# Jwt Vs Hks



## Guest (Jan 26, 2003)

hey guys,
well, i have a 97 sentra and i'm about to do a GTI-R SR20DET swap. although, i want to build up the motor before i drop it in. i'll be sporting a stage III kit provided by www.forcedinductionracing.com w/ Z32 TT MAF, JGY fuel rail, JWT ecu, act clutch, and all that other good stuff. now i'm just wondering which cams will provide me with better proformance...the JWT cams or the HKS cams? don't really know what stage (lift, duration, etc), i guess the most radical street one. 
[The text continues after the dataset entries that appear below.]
Lemma C_shift_le n j : (j <= n)%nat ->
  Binomial.C (2 * n) (n + j) * (2 * INR n + INR j ^ 2) <= 2 * INR n * Binomial.C (2 * n) n.
Proof.
  induction j as [|j IHj]; intro Hj.
  - rewrite Nat.add_0_r. simpl. lra.
  - rewrite Nat.add_succ_r, pascal_step3 by lia.
    specialize (IHj ltac:(lia)).
    set (x := Binomial.C (2 * n) (n + j)) in *.
    assert (Hx : 0 <= x) by apply C_nonneg.
    replace (2 * n - (n + j))%nat with (n - j)%nat by lia.
    rewrite minus_INR, !S_INR, plus_INR by lia.
    assert (0 <= INR j) by apply pos_INR.
    assert (INR j + 1 <= INR n) by (rewrite <- S_INR; apply le_INR; lia).
    assert (P : (INR n - INR j) * (2 * INR n + (INR j + 1) ^ 2)
                <= (INR n + INR j + 1) * (2 * INR n + INR j ^ 2)) by nra.
    replace ((INR n - INR j) / (INR n + INR j + 1) * x * (2 * INR n + (INR j + 1) ^ 2))
      with (x * ((INR n - INR j) * (2 * INR n + (INR j + 1) ^ 2)) / (INR n + INR j + 1))
      by (field; lra).
    apply Rle_trans with (x * (2 * INR n + INR j ^ 2)); [|exact IHj].
    apply (Rmult_le_reg_r (INR n + INR j + 1)); [lra|].
    unfold Rdiv. rewrite Rmult_assoc, Rinv_l, Rmult_1_r by lra. nra.
Qed.

Lemma binomZ_nonneg a b : 0 <= binomZ a b.
Proof. unfold binomZ. destruct (_ && _)%bool; [apply C_nonneg | lra]. Qed.

Lemma binomZ_shift_le n (j : Z) : (0 <= j)%Z ->
  binomZ (2 * Z.of_nat n) (Z.of_nat n + j) * (2 * INR n + IZR j ^ 2)
  <= 2 * INR n * Binomial.C (2 * n) n.
Proof.
  intro Hj. unfold binomZ.
  assert (0 <= Binomial.C (2 * n) n) by apply C_nonneg.
  assert (0 <= INR n) by apply pos_INR.
  destruct ((0 <=? Z.of_nat n + j)%Z && (Z.of_nat n + j <=? 2 * Z.of_nat n)%Z)%bool eqn:E.
  - apply andb_prop in E as [_ E]. apply Z.leb_le in E.
    replace j with (Z.of_nat (Z.to_nat j)) by lia.
    replace (Z.to_nat (2 * Z.of_nat n)) with (2 * n)%nat by lia.
    replace (Z.to_nat (Z.of_nat n + Z.of_nat (Z.to_nat j))) with (n + Z.to_nat j)%nat by lia.
    rewrite <- INR_IZR_INZ. apply C_shift_le. lia.
  - nra.
Qed.

Lemma binomZ_shift_le_central n (j : Z) : (1 <= n)%nat -> (0 <= j)%Z ->
  binomZ (2 * Z.of_nat n) (Z.of_nat n + j) <= Binomial.C (2 * n) n.
Proof.
  intros Hn Hj. pose proof (binomZ_shift_le n j Hj).
  pose proof (binomZ_nonneg (2 * Z.of_nat n) (Z.of_nat n + j)).
  assert (1 <= INR n) by (apply (le_INR 1); lia).
  assert (0 <= IZR j ^ 2) by (apply pow_le; apply IZR_le; lia).
  nra.
Qed.

Definition summand (n : nat) (k r s : Z) : R :=
  binomZ (2 * Z.of_nat n) (Z.of_nat n + (k * r * s) / 2)
  * binomZ (2 * Z.of_nat n)
      (Z.of_nat n + (k * r ^ 2 + k * s ^ 2 + (-1) ^ ((k + 1) / 2)) / 4).

Lemma product_le_inv_sq (n b1 b2 c J U P : R) :
  1 <= n -> 0 <= b1 -> 0 <= b2 -> b1 <= c ->
  b2 * (2 * n + J ^ 2) <= 2 * n * c -> 8 <= U <= 8 * J ->
  c ^ 2 * (3 * n + 1) <= P ->
  b1 * b2 <= 43 * P / U ^ 2.
Proof.
  intros Hn Hb1 Hb2 Hc HJ [HU HUJ] HP.
  assert (H1 : b2 * J ^ 2 <= 2 * n * c) by nra.
  assert (HUJ2 : U ^ 2 <= 64 * J ^ 2) by nra.
  assert (H2 : b2 * U ^ 2 <= 128 * n * c) by nra.
  assert (0 <= c) by lra.
  (* 43 >= 128 / 3 *)
  assert (H3 : b1 * (b2 * U ^ 2) <= c * (128 * n * c))
    by (apply Rmult_le_compat; nra).
  assert (0 < U ^ 2) by nra.
  apply (Rmult_le_reg_r (U ^ 2)); [assumption|].
  replace (43 * P / U ^ 2 * U ^ 2) with (43 * P) by (field; lra).
  nra.
Qed.

Lemma neg1_pow_ge (p : Z) : (-1 <= (-1) ^ p)%Z.
Proof.
  destruct (Z.lt_ge_cases p 0).
  - rewrite Z.pow_neg_r; lia.
  - assert (Z.abs ((-1) ^ p) = 1)%Z by (rewrite Z.abs_pow; apply Z.pow_1_l; lia).
    lia.
Qed.

Lemma summand_le_inv_sq n (k r s : Z) : (1 <= n)%nat -> (0 < k)%Z -> (0 < s)%Z -> (s < r)%Z ->
  8 <= IZR (k * (r ^ 2 + s ^ 2)) ->
  summand n k r s <= 43 * 16 ^ n / IZR (k * (r ^ 2 + s ^ 2)) ^ 2.
Proof.
  intros Hn Hk Hs Hr HU. unfold summand.
  (* the second binomial is taken at offset j = floor((U +- 1) / 4) >= U / 4 - 1 *)
  set (U := (k * (r ^ 2 + s ^ 2))%Z) in *.
  set (x := (k * r ^ 2 + k * s ^ 2 + (-1) ^ ((k + 1) / 2))%Z).
  assert (Hx : (U - 1 <= x)%Z) by (pose proof (neg1_pow_ge ((k + 1) / 2)); unfold x, U; nia).
  set (j := (x / 4)%Z).
  assert (Hj : (x - 3 <= 4 * j)%Z)
    by (pose proof (Z.div_mod x 4); pose proof (Z.mod_pos_bound x 4); unfold j; lia).
  assert (HJ : IZR U - 4 <= 4 * IZR j).
  { rewrite <- (mult_IZR 4), <- (minus_IZR U 4). apply IZR_le. lia. }
  assert (Hj0 : (0 <= j)%Z) by (apply le_IZR; lra).
  assert (Hi : (0 <= k * r * s / 2)%Z) by (apply Z.div_pos; [nia | lia]).
  apply product_le_inv_sq with (n := INR n) (c := Binomial.C (2 * n) n) (J := IZR j).
  - apply (le_INR 1); lia.
  - apply binomZ_nonneg.
  - apply binomZ_nonneg.
  - apply binomZ_shift_le_central; assumption.
  - apply binomZ_shift_le; assumption.
  - lra.
  - apply C_central_sq_le.
Qed.

Definition lsum {A} (l : list A) (f : A -> R) : R := fold_right Rplus 0 (map f l).

Lemma lsum_app {A} (l1 l2 : list A) f : lsum (l1 ++ l2) f = lsum l1 f + lsum l2 f.
Proof. unfold lsum. induction l1 as [|a l1 IH]; simpl; [lra | rewrite IH; lra]. Qed.

Lemma lsum_map {A B} (h : A -> B) l f : lsum (map h l) f = lsum l (fun x => f (h x)).
Proof. unfold lsum. rewrite map_map. reflexivity. Qed.

Lemma lsum_ext {A} (l : list A) f g : (forall x, f x = g x) -> lsum l f = lsum l g.
Proof. intro H. unfold lsum. f_equal. apply map_ext, H. Qed.

Lemma lsum_le_in {A} (l : list A) f g :
  (forall x, In x l -> f x <= g x) -> lsum l f <= lsum l g.
Proof.
  unfold lsum. induction l as [|a l IH]; intro H; simpl; [lra|].
  pose proof (H a (in_eq a l)). pose proof (IH (fun x Hx => H x (in_cons a x l Hx))). lra.
Qed.

Lemma lsum_scal {A} (l : list A) c f : lsum l (fun x => c * f x) = c * lsum l f.
Proof. unfold lsum. induction l as [|a l IH]; simpl; [ring | rewrite IH; ring]. Qed.

Lemma lsum_le_scal {A} (l : list A) c f g : 0 <= c ->
  (forall x, f x <= c * g x) -> lsum l f <= c * lsum l g.
Proof.
  intros Hc H. rewrite <- lsum_scal. apply lsum_le_in. intros x _. apply H.
Qed.

Lemma lsum_nonneg {A} (l : list A) f : (forall x, 0 <= f x) -> 0 <= lsum l f.
Proof.
  unfold lsum. intro H. induction l as [|a l IH]; simpl; [lra|].
  pose proof (H a). lra.
Qed.

Lemma lsum_filter {A} (l : list A) p f :
  lsum (filter p l) f = lsum l (fun x => if p x then f x else 0).
Proof. unfold lsum. induction l as [|a l IH]; simpl; auto. destruct (p a); simpl; lra. Qed.

Lemma lsum_prod {A B} (l1 : list A) (l2 : list B) f :
  lsum (list_prod l1 l2) f = lsum l1 (fun a => lsum l2 (fun b => f (a, b))).
Proof.
  induction l1 as [|a l1 IH]; [reflexivity|].
  simpl list_prod. rewrite lsum_app, lsum_map, IH. reflexivity.
Qed.

Lemma lsum_Zcube (M : nat) (f : Z * (Z * Z) -> R) :
  lsum (list_prod (Zrange M) (list_prod (Zrange M) (Zrange M))) f
  = lsum (seq 0 (S M)) (fun k => lsum (seq 0 (S M)) (fun r => lsum (seq 0 (S M))
      (fun s => f (Z.of_nat k, (Z.of_nat r, Z.of_nat s))))).
Proof.
  unfold Zrange. rewrite lsum_prod, lsum_map. apply lsum_ext. intro k.
  rewrite lsum_prod, lsum_map. apply lsum_ext. intro r.
  rewrite lsum_map. reflexivity.
Qed.

Lemma Rinv_nonneg x : 0 <= x -> 0 <= / x.
Proof.
  intros [Hx | <-]; [left; apply Rinv_0_lt_compat, Hx | rewrite Rinv_0; lra].
Qed.

Lemma lsum_indicator_le (r L a : nat) (c : R) : 0 <= c ->
  lsum (seq a L) (fun s => if (s <=? r)%nat then c else 0) <= INR (S r - a) * c.
Proof.
  intro Hc. revert a. induction L as [|L IH]; intro a; unfold lsum in *; cbn [seq map fold_right].
  - apply Rmult_le_pos; [apply pos_INR | exact Hc].
  - specialize (IH (S a)). destruct (a <=? r)%nat eqn:E.
    + apply Nat.leb_le in E. replace (S r - a)%nat with (S (S r - S a)) by lia.
      rewrite S_INR. lra.
    + apply Nat.leb_gt in E. replace (S r - S a)%nat with 0%nat in IH by lia.
      replace (S r - a)%nat with 0%nat by lia. lra.
Qed.

Definition cube_tail (X : R) (r : nat) : R :=
  if Rlt_dec X (2 * INR r ^ 2) then / INR r ^ 3 else 0.

Lemma cube_tail_nonneg X r : 0 <= cube_tail X r.
Proof.
  unfold cube_tail. destruct Rlt_dec; [|lra].
  apply Rinv_nonneg, pow_le, pos_INR.
Qed.

Lemma inv_cube_telescope x : 1 <= x ->
  / x ^ 3 + / (2 * (x + /2) ^ 2) <= / (2 * (x - /2) ^ 2).
Proof.
  intro H.
  assert (Ha : 0 < (x - /2) ^ 2) by (apply pow_lt; lra).
  assert (Hb : 0 < (x + /2) ^ 2) by (apply pow_lt; lra).
  assert (Hc : 0 < x ^ 3) by (apply pow_lt; lra).
  assert (K : 2 * (x - /2) ^ 2 * (x + /2) ^ 2 * 2 <= 2 * x ^ 3 * ((x + /2) ^ 2 - (x - /2) ^ 2)).
  { replace ((x + /2) ^ 2 - (x - /2) ^ 2) with (2 * x) by field.
    replace ((x - /2) ^ 2 * (x + /2) ^ 2) with ((x ^ 2 - /4) ^ 2) by field.
    nra. }
  set (a := (x - /2) ^ 2) in *. set (b := (x + /2) ^ 2) in *. set (c := x ^ 3) in *.
  apply (Rmult_le_reg_r (2 * a * b * c)); [repeat apply Rmult_lt_0_compat; lra|].
  replace ((/ c + / (2 * b)) * (2 * a * b * c)) with (2 * a * b + a * c) by (field; lra).
  replace (/ (2 * a) * (2 * a * b * c)) with (b * c) by (field; lra).
  lra.
Qed.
well just post your opinion or if you have had any experiences with these cams!!!

thanks and anything you can add is greatly appreciated!!!


----------



## myoung (Apr 15, 2002)

JWT!


----------



## 1fastser (Sep 30, 2002)

I recommend doing your own research. Opinions are skewed. I have JWT and they're not bad at all. The next cams I get will be HKS, JUN, or Tomei.

Jody


----------



## Guest (Jan 30, 2003)

jdmconnections said:


> *, i guess the most radical street one.
> 
> *


Not to radical with forced induction!


----------



## HKS20DET (Nov 8, 2002)

*Re: Re: Jwt Vs Hks*



Loe Lyf said:


> *Not to radical with forced induction! *


im in almost the same situation as -jdmconnections- only with a BBDET. Loe Lyf - can you explain? what would be good to get?


----------



## Guest (Jan 31, 2003)

*Re: Re: Re: Jwt Vs Hks*



ga16tosr20 said:


> *im in almost the same situation as -jdmconnections- only with a BBDET. Loe Lyf - can you explain? what would be good to get? *


w/ a BB DET, i would go w/ JWT S3's or S4's.


----------



## HKS20DET (Nov 8, 2002)

thanks


----------